Шум голосов заполнял комнату. У камина стоял высокий, худощавый, аристократического вида человек, темноглазый, с седеющими волосами в романтическом беспорядке. Флобер с радостью представил ему Мопассана. Это был Эдмон де Гонкур[59]. Он протянул Ги для рукопожатия два пальца и, едва молодой человек сжал их, похлопал его по тыльной стороне ладони, как бы говоря: «Достаточно». Ги внимательно оглядел его бледное самодовольное лицо с небольшой бородкой, тонким носом, странно расширенными зрачками глаз и моноклем.
Альфонс Доде[60], из-за бороды напоминающий профиль козла, стоя в центре шумной группы людей, рассказывал о том, как он изображал покойного императора, на что был великим мастером:
— Тогда я вызвал адъютанта и отправил его к ней в гардеробную с запиской: «Где, когда и сколько?» Она ответила: «У меня, вечером, бесплатно». — Он сделал паузу. — Пре-вос-ход-но!
Раздались взрыв смеха и аплодисменты. В финансовом отношении Доде был самым преуспевающим из присутствующих. Гонкур прозвал его «Шейхом».

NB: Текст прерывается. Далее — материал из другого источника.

(* Let $\varepsilon\in(0,1)$ and let $\mu,\lambda$ be positive integers with $\lambda\le(1-\varepsilon)e\mu$. Consider the $(\mu,\lambda)$ EA on OneMax with populations $P_0,P_1,\dots$, and let $g$ be the potential defined in the context. Then, for $n$ sufficiently large, for all $t\ge0$, \[E[g(P_{t+1})\mid P_t]\le g(P_t)+2\lambda.\]
   Context: $f$ is OneMax, $f(x)=\sum_i x_i$. The $(\mu,\lambda)$ EA: $P_0$ consists of $\mu$ independent uniformly random points of $\{0,1\}^n$; in each generation $\lambda$ offspring are created independently, each by choosing a parent uniformly at random from $P_t$ and flipping each bit of a copy independently with probability $1/n$; $P_{t+1}$ consists of the $\mu$ offspring with largest $f$-values (ties broken randomly). Potential: $\tau=\frac{4e}{\varepsilon}$, $\alpha=1-\frac1\tau\ln\big(1+\frac1\tau\big)$, $f_0=\lceil\alpha n\rceil$, $g(x)=\tau^{f(x)-f_0}$ if $f(x)\ge f_0$ and $g(x)=0$ otherwise; for a population (multiset) $P$, $g(P)=\sum_{x\in P}g(x)$. *)

From Stdlib Require Import Reals Lra Lia ZArith List.
Import ListNotations.
Open Scope R_scope.

Fixpoint bitstrings (n : nat) : list (list bool) :=
  match n with
  | O => [[]]
  | S k => map (cons false) (bitstrings k) ++ map (cons true) (bitstrings k)
  end.

Fixpoint onemax (x : list bool) : nat :=
  match x with
  | [] => O
  | b :: x' => ((if b then 1 else 0) + onemax x')%nat
  end.

Fixpoint flip (x m : list bool) : list bool :=
  match x, m with
  | b :: x', c :: m' => xorb b c :: flip x' m'
  | _, _ => x
  end.

(** Probability that standard bit mutation (rate 1/n) flips exactly the mask m. *)
Definition mask_prob (n : nat) (m : list bool) : R :=
  (/ INR n) ^ (onemax m) * (1 - / INR n) ^ (n - onemax m).

(** Distribution (list of weight/outcome pairs) of one offspring: parent chosen
    uniformly at random from the population P (a multiset given as a list),
    then standard bit mutation. *)
Definition offspring_dist (n : nat) (P : list (list bool)) : list (R * list bool) :=
  flat_map (fun x => map (fun m => (/ INR (length P) * mask_prob n m, flip x m))
                         (bitstrings n)) P.

(** Expectation of F over k independent draws from the finite distribution d. *)
Fixpoint expect_iid {A : Type} (d : list (R * A)) (k : nat) (F : list A -> R) : R :=
  match k with
  | O => F []
  | S k' => fold_right (fun wa acc => fst wa * expect_iid d k' (fun l => F (snd wa :: l)) + acc) 0 d
  end.

Fixpoint insert_desc (x : list bool) (l : list (list bool)) : list (list bool) :=
  match l with
  | [] => [x]
  | y :: l' => if Nat.leb (onemax y) (onemax x) then x :: l else y :: insert_desc x l'
  end.

Definition sort_desc (l : list (list bool)) : list (list bool) :=
  fold_right insert_desc [] l.

(** Selection of the mu offspring with the largest fitness (ties broken by a
    fixed rule; the potential only depends on fitness values). *)
Definition select (mu : nat) (O : list (list bool)) : list (list bool) :=
  firstn mu (sort_desc O).

(** Ceiling of a real number: up y is the unique integer in (y, y+1]. *)
Definition Rceil (x : R) : Z := (1 - up (- x))%Z.

Definition tau (eps : R) : R := 4 * exp 1 / eps.
Definition alpha (eps : R) : R := 1 - / tau eps * ln (1 + / tau eps).
Definition f0 (eps : R) (n : nat) : Z := Rceil (alpha eps * INR n).

Definition g (eps : R) (n : nat) (x : list bool) : R :=
  if Z.leb (f0 eps n) (Z.of_nat (onemax x))
  then tau eps ^ Z.to_nat (Z.of_nat (onemax x) - f0 eps n)
  else 0.
(* Let $\mathbf{x}=(\mathbf{x}_1,\mathbf{x}_2,\mathbf{x}_3)$ have i.i.d. Bernoulli$(0.5)$ coordinates, and let $\mathbf{y}$ be distributed as follows: if $\mathbf{x}_3=1$, $\mathbf{y}=\mathbf{x}_1$ with probability $0.9$ and $\mathbf{y}=1-\mathbf{x}_1$ otherwise; if $\mathbf{x}_3=0$, $\mathbf{y}=\mathbf{x}_2$ with probability $0.9$ and $\mathbf{y}=1-\mathbf{x}_2$ otherwise. Let $e_{\mathrm{encode}}(\mathbf{x})=\xi_1=[1,0,0]$ if $\mathbf{x}_3=1$ and $e_{\mathrm{encode}}(\mathbf{x})=\xi_2=[0,1,0]$ otherwise. Then ROAR and FRESH both assign their respective optimal scores to $e_{\mathrm{encode}}$; that is, $\mathbf{y}$ is independent of $\mathbf{x}_{-e_{\mathrm{encode}}(\mathbf{x})}$, and $q(\mathbf{y}\mid \mathrm{val}(\mathbf{x}_{e_{\mathrm{encode}}(\mathbf{x})}))=q(\mathbf{y}\mid\mathbf{x})$ almost surely.
   Context: An explanation is a map $e:\{0,1\}^3\to\{0,1\}^3$ selecting coordinates; the explanation $\mathbf{x}_{e(\mathbf{x})}=(\mathbf{v},\mathbf{a})$ consists of the selection $\mathbf{v}=e(\mathbf{x})$ and the values $\mathbf{a}$ of the selected coordinates. $\mathbf{x}_{-e(\mathbf{x})}$ denotes the pair of the complementary mask $\mathbf{1}-e(\mathbf{x})$ and the values of the unselected coordinates. ROAR scores an explanation by how poorly $\mathbf{x}_{-e(\mathbf{x})}$ predicts $\mathbf{y}$, and assigns its optimal score exactly when $\mathbf{y}$ is independent of $\mathbf{x}_{-e(\mathbf{x})}$. $\mathrm{val}(\mathbf{x}_{e(\mathbf{x})})$ is the vector in which the selected values $\mathbf{a}$ are placed in order in the first $\sum_i\mathbf{v}_i$ positions and the remaining positions are filled with a padding token (so the positions of the selected coordinates are dropped). FRESH scores an explanation by how well $\mathrm{val}(\mathbf{x}_{e(\mathbf{x})})$ predicts $\mathbf{y}$, and assigns its optimal score when this prediction is as good as that of $q(\mathbf{y}\mid\mathbf{x})$, i.e. $q(\mathbf{y}\mid\mathrm{val}(\mathbf{x}_{e(\mathbf{x})}))=q(\mathbf{y}\mid\mathbf{x})$. *)

From mathcomp Require Import all_boot all_order all_algebra.
Set Implicit Arguments. Unset Strict Implicit. Unset Printing Implicit Defensive.
Import Order.TTheory GRing.Theory Num.Theory.
Local Open Scope ring_scope.

(* inputs x in {0,1}^3 (coordinates indexed 0,1,2 = paper's 1,2,3), labels y in {0,1} *)
Definition inp := {ffun 'I_3 -> bool}.
Definition mask := {ffun 'I_3 -> bool}.
(* a "masked vector": Some value at the listed coordinates, None elsewhere/padding *)
Definition pvec := {ffun 'I_3 -> option bool}.


Definition Pr {R : numDomainType} (p : inp * bool -> R) (A : pred (inp * bool)) : R :=
  \sum_(w : inp * bool | A w) p w.

Definition bern_half {R : numFieldType} (b : bool) : R := 1 / 2.
Definition pjoint {R : numFieldType} (w : inp * bool) : R :=
  let x := w.1 in let y := w.2 in
  bern_half (x ord0) * bern_half (x (inord 1)) * bern_half (x (inord 2)) *
  (let src := if x (inord 2) then x ord0 else x (inord 1) in
   if y == src then 9 / 10 else 1 / 10).

Definition xi1 : mask := [ffun i : 'I_3 => val i == 0%N].
Definition xi2 : mask := [ffun i : 'I_3 => val i == 1%N].
Definition e_encode (x : inp) : mask := if x (inord 2) then xi1 else xi2.

Definition restrict (v : mask) (x : inp) : pvec :=
  [ffun i => if v i then Some (x i) else None].
Definition maskC (v : mask) : mask := [ffun i => ~~ v i].

(* x_{e(x)} = (v, a) and x_{-e(x)} = (1 - v, values of unselected coordinates) *)
Definition expl (e : inp -> mask) (x : inp) : mask * pvec :=
  (e x, restrict (e x) x).
Definition expl_compl (e : inp -> mask) (x : inp) : mask * pvec :=
  (maskC (e x), restrict (maskC (e x)) x).

(* val(x_{e(x)}): selected values in order in the first positions, padding (None) after *)
Definition valE (va : mask * pvec) : pvec :=
  let s := [seq va.2 i | i <- enum 'I_3 & va.1 i] in
  [ffun i : 'I_3 => nth None s i].

Definition indep_y {R : numDomainType} {T : eqType} (p : inp * bool -> R)
  (f : inp -> T) : Prop :=
  forall (t : T) (b : bool),
    Pr p (fun w => (f w.1 == t) && (w.2 == b))
    = Pr p (fun w => f w.1 == t) * Pr p (fun w => w.2 == b).

Definition cond_y {R : numFieldType} {T : eqType} (p : inp * bool -> R)
  (g : inp -> T) (x0 : inp) (b : bool) : R :=
  Pr p (fun w => (g w.1 == g x0) && (w.2 == b)) / Pr p (fun w => g w.1 == g x0).

From mathcomp Require Import all_boot all_order all_algebra.
From mathcomp Require Import ring lra.
Set Implicit Arguments. Unset Strict Implicit. Unset Printing Implicit Defensive.
Import Order.TTheory GRing.Theory Num.Theory.
Local Open Scope ring_scope.

(* The label y depends on x only through the source bit [src x] (x_1 if x_3,
   else x_2), passed through a binary symmetric channel.  The complement
   x_{-e(x)} reveals x_3 and the non-source coordinate only: flipping the
   source bit is a measure-preserving involution that fixes it and negates
   [src x], so the source bit, hence y, is independent of x_{-e(x)}.  The
   first entry of val(x_{e(x)}) is [src x], and conditioning on any
   statistic that determines [src x] leaves the law of y equal to the
   channel output at [src x], as does conditioning on x itself. *)

Lemma Pr_le (R : numDomainType) (p : inp * bool -> R) (A B : pred (inp * bool)) :
  (forall w, 0 <= p w) -> (forall w, A w -> B w) -> Pr p A <= Pr p B.
Proof.
move=> p_ge0 AB; rewrite /Pr [leLHS]big_mkcond [leRHS]big_mkcond.
apply: ler_sum => w _; case: (boolP (A w)) => [/AB -> //|_].
by case: ifP.
Qed.

Section Channel.

Variables (R : numFieldType) (mu : inp -> R) (s : inp -> bool).
Variables (kappa : bool -> bool -> R) (p : inp * bool -> R).
Hypothesis pE : forall x y, p (x, y) = mu x * kappa (s x) y.
Hypothesis kappa1 : forall z, kappa z true + kappa z false = 1.

Lemma Pr_fst_snd (A : pred inp) (b : bool) :
  Pr p (fun w => A w.1 && (w.2 == b)) = \sum_(x | A x) mu x * kappa (s x) b.
Proof.
rewrite /Pr (eq_bigr (fun w => p (w.1, w.2))) => [|[] //].
rewrite -(pair_big_dep A (fun _ y => y == b) (fun x y => p (x, y))).
by apply: eq_bigr => x _; rewrite big_pred1_eq pE.
Qed.

Lemma Pr_fst (A : pred inp) : Pr p (fun w => A w.1) = \sum_(x | A x) mu x.
Proof.
rewrite /Pr (eq_bigr (fun w => p (w.1, w.2))) => [|[] //].
rewrite (eq_bigl (fun w => A w.1 && predT w.2)) => [|w]; last by rewrite andbT.
rewrite -(pair_big_dep A (fun _ => predT) (fun x y => p (x, y))).
by apply: eq_bigr => x _; rewrite big_bool /= !pE -mulrDr kappa1 mulr1.
Qed.

Lemma cond_y_channel (T : eqType) (g : inp -> T) (x0 : inp) (b : bool) :
  (forall x, g x = g x0 -> s x = s x0) ->
  Pr p (fun w => g w.1 == g x0) != 0 ->
  cond_y p g x0 b = kappa (s x0) b.
Proof.
move=> g_s; rewrite /cond_y (Pr_fst_snd (fun x => g x == g x0)).
rewrite (Pr_fst (fun x => g x == g x0)) => nz.
rewrite (eq_bigr (fun x => mu x * kappa (s x0) b)) => [|x /eqP/g_s -> //].
by rewrite -mulr_suml mulrAC mulfV // mul1r.
Qed.

Section SourceFlip.

Variable phi : inp -> inp.
Hypotheses (phiK : involutive phi) (mu_phi : forall x, mu (phi x) = mu x).
Hypothesis s_phi : forall x, s (phi x) = ~~ s x.

Lemma sum_channel_flip (A : pred inp) (b : bool) :
  (forall x, A (phi x) = A x) ->
  \sum_(x | A x) mu x * kappa (s x) b
  = (\sum_(x | A x) mu x) * ((kappa true b + kappa false b) / 2).
Proof.
move=> A_phi.
have balanced : \sum_(x | A x && s x) mu x = \sum_(x | A x && ~~ s x) mu x.
  rewrite (reindex_inj (inv_inj phiK)) /=.
  by apply: eq_big => x; rewrite ?A_phi ?s_phi ?mu_phi.
rewrite (bigID s) [in RHS](bigID s) /=.
rewrite (eq_bigr (fun x => mu x * kappa true b)) => [|x /andP[_ ->] //].
rewrite [X in _ + X](eq_bigr (fun x => mu x * kappa false b)) => [|x /andP[_]].
  by rewrite -!mulr_suml balanced; field.
by move/negbTE ->.
Qed.

Lemma indep_y_flip (T : eqType) (f : inp -> T) :
  (forall x, f (phi x) = f x) -> \sum_x mu x = 1 -> indep_y p f.
Proof.
move=> f_phi mu1 t b.
rewrite (Pr_fst_snd (fun x => f x == t)) (Pr_fst (fun x => f x == t)).
rewrite (Pr_fst_snd (fun _ => true)) !sum_channel_flip => [||x]; rewrite ?f_phi //.
by rewrite mu1 mul1r.
Qed.

End SourceFlip.

End Channel.

Definition src_idx (x : inp) : 'I_3 := if x (inord 2) then ord0 else inord 1.
Definition src (x : inp) : bool := x (src_idx x).
Definition flip_src (x : inp) : inp := [ffun i => x i (+) (i == src_idx x)].
Definition bsc {R : numFieldType} (z y : bool) : R :=
  if y == z then 9 / 10 else 1 / 10.

Lemma src_idx_neq2 (x : inp) : (inord 2 == src_idx x) = false.
Proof. by rewrite /src_idx; case: (x _); rewrite -val_eqE /= !inordK. Qed.

Lemma src_idx_flip (x : inp) : src_idx (flip_src x) = src_idx x.
Proof. by rewrite {1}/src_idx ffunE src_idx_neq2 addbF. Qed.

Lemma src_flip (x : inp) : src (flip_src x) = ~~ src x.
Proof. by rewrite /src src_idx_flip ffunE eqxx addbT. Qed.

Lemma flip_srcK : involutive flip_src.
Proof.
by move=> x; apply/ffunP => i; rewrite !ffunE src_idx_flip -addbA addbb addbF.
Qed.

Lemma e_encodeE (x : inp) : e_encode x = [ffun i => i == src_idx x].
Proof.
rewrite /e_encode /src_idx; case: (x _); apply/ffunP => i.
  by rewrite !ffunE.
by rewrite !ffunE -val_eqE /= inordK.
Qed.

Lemma expl_compl_flip (x : inp) :
  expl_compl e_encode (flip_src x) = expl_compl e_encode x.
Proof.
rewrite /expl_compl !e_encodeE src_idx_flip; congr pair.
by apply/ffunP => i; rewrite !ffunE; case: eqVneq => //= _; rewrite addbF.
Qed.

Lemma valE_single (j : 'I_3) (a : pvec) : valE ([ffun i => i == j], a) ord0 = a j.
Proof.
rewrite /valE ffunE /= (eq_filter (a2 := pred1 j)) => [|i]; last by rewrite ffunE.
by rewrite filter_pred1_uniq ?enum_uniq ?mem_enum.
Qed.

Lemma valE_expl_encode (x : inp) : valE (expl e_encode x) ord0 = Some (src x).
Proof. by rewrite /expl e_encodeE valE_single !ffunE eqxx. Qed.

Lemma pjointE (R : numFieldType) (x : inp) (y : bool) :
  pjoint (x, y) = 8^-1 * bsc (src x) y :> R.
Proof. by rewrite /pjoint /bern_half /bsc /src /src_idx /=; case: (x _); field. Qed.

Lemma bsc1 (R : numFieldType) (z : bool) : bsc z true + bsc z false = 1 :> R.
Proof. by rewrite /bsc; case: z => /=; field. Qed.

Lemma sum_uniform (R : numFieldType) : \sum_(x : inp) 8^-1 = 1 :> R.
Proof.
by rewrite sumr_const card_ffun card_bool card_ord -[_ *+ _]mulr_natr mulVf // pnatr_eq0.
Qed.

Lemma pjoint_ge0 (R : realFieldType) (w : inp * bool) : 0 <= pjoint w :> R.
Proof. by case: w => x y; rewrite pjointE /bsc; case: ifP => _; lra. Qed.

Theorem proposition1 (R : realFieldType) :
  (* ROAR optimal: y independent of x_{-e_encode(x)} *)
  indep_y (@pjoint R) (expl_compl e_encode) /\
  (* FRESH optimal: q(y | val(x_{e(x)})) = q(y | x) almost surely *)
  (forall (x : inp) (b : bool),
     0 < Pr (@pjoint R) (fun w => w.1 == x) ->
     cond_y (@pjoint R) (fun x' => valE (expl e_encode x')) x b
     = cond_y (@pjoint R) id x b).
Proof.
have channel := cond_y_channel (pjointE R) (bsc1 R).
split.
  exact: (indep_y_flip (mu := fun=> 8^-1) (pjointE R) (bsc1 R) flip_srcK
    (fun=> erefl) src_flip expl_compl_flip (sum_uniform R)).
move=> x b x_pos.
have val_src x' : valE (expl e_encode x') = valE (expl e_encode x) -> src x' = src x.
  by move/(congr1 (fun v : pvec => v ord0)); rewrite !valE_expl_encode => -[].
have val_pos : 0 < Pr (@pjoint R)
    (fun w => valE (expl e_encode w.1) == valE (expl e_encode x)).
  by apply: lt_le_trans x_pos _; apply: Pr_le => [w|w /eqP ->//]; apply: pjoint_ge0.
by rewrite (channel _ _ _ _ val_src) ?(channel _ id) ?lt0r_neq0 // => x' ->.
Qed.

— Золя, подойдите сюда. У меня есть для вас кое-что интересное.
Это произнёс Тургенев.
— Вот как?
На лице Золя появилось сосредоточенное выражение, словно он хотел записать то, что будет сказано. Записи он делал повсюду и обо всём. Добивался приглашений на светские приёмы и становился в углу, явно набрасывая мысленно краткие заметки, что заставляло гостей оглядываться с шёпотом: «Золя берёт нас на карандаш».
— Слышали о «Вестнике Европы»?
— Должен признаться, нет.
На лице Золя появился лёгкий испуг. Здесь в его научном методе оказался пробел.
— Это петербургский журнал. Если хотите, могу добиться для вас там места литературного корреспондента.
— Господи, конечно, хочу — если будут платить.
Книги Золя наделали шума, но продавались плохо.
Ги обнаружил, что Алексис стоит рядом с ним. И спросил:
— Кто это там?
Он смотрел на стоявшего в другом конце комнаты красивого молодого человека с длинными белокурыми волосами и очень примечательным лицом, в котором было что-то и от обольстителя, и от Христа.
— Катюль Мендес[61], — ответил Алексис. — Я познакомлю вас, как только представится возможность.
— Чем он занимается?
— Пишет стихи. Катюль родом из Бордо. Женат на Жюдит Готье, дочери старика Теофиля. Редактирует журналы. Большой талант. Может подражать любому стилю — даже древним грекам. Гонкур говорит, что он сын дочери надзирателя из какой-то тюрьмы, где его отец сидел за политику.
— Думаешь, Гонкур это знает? — спросил Ги.
Алексис усмехнулся:
— Говорят, он ведёт дневник — мы все там фигурируем.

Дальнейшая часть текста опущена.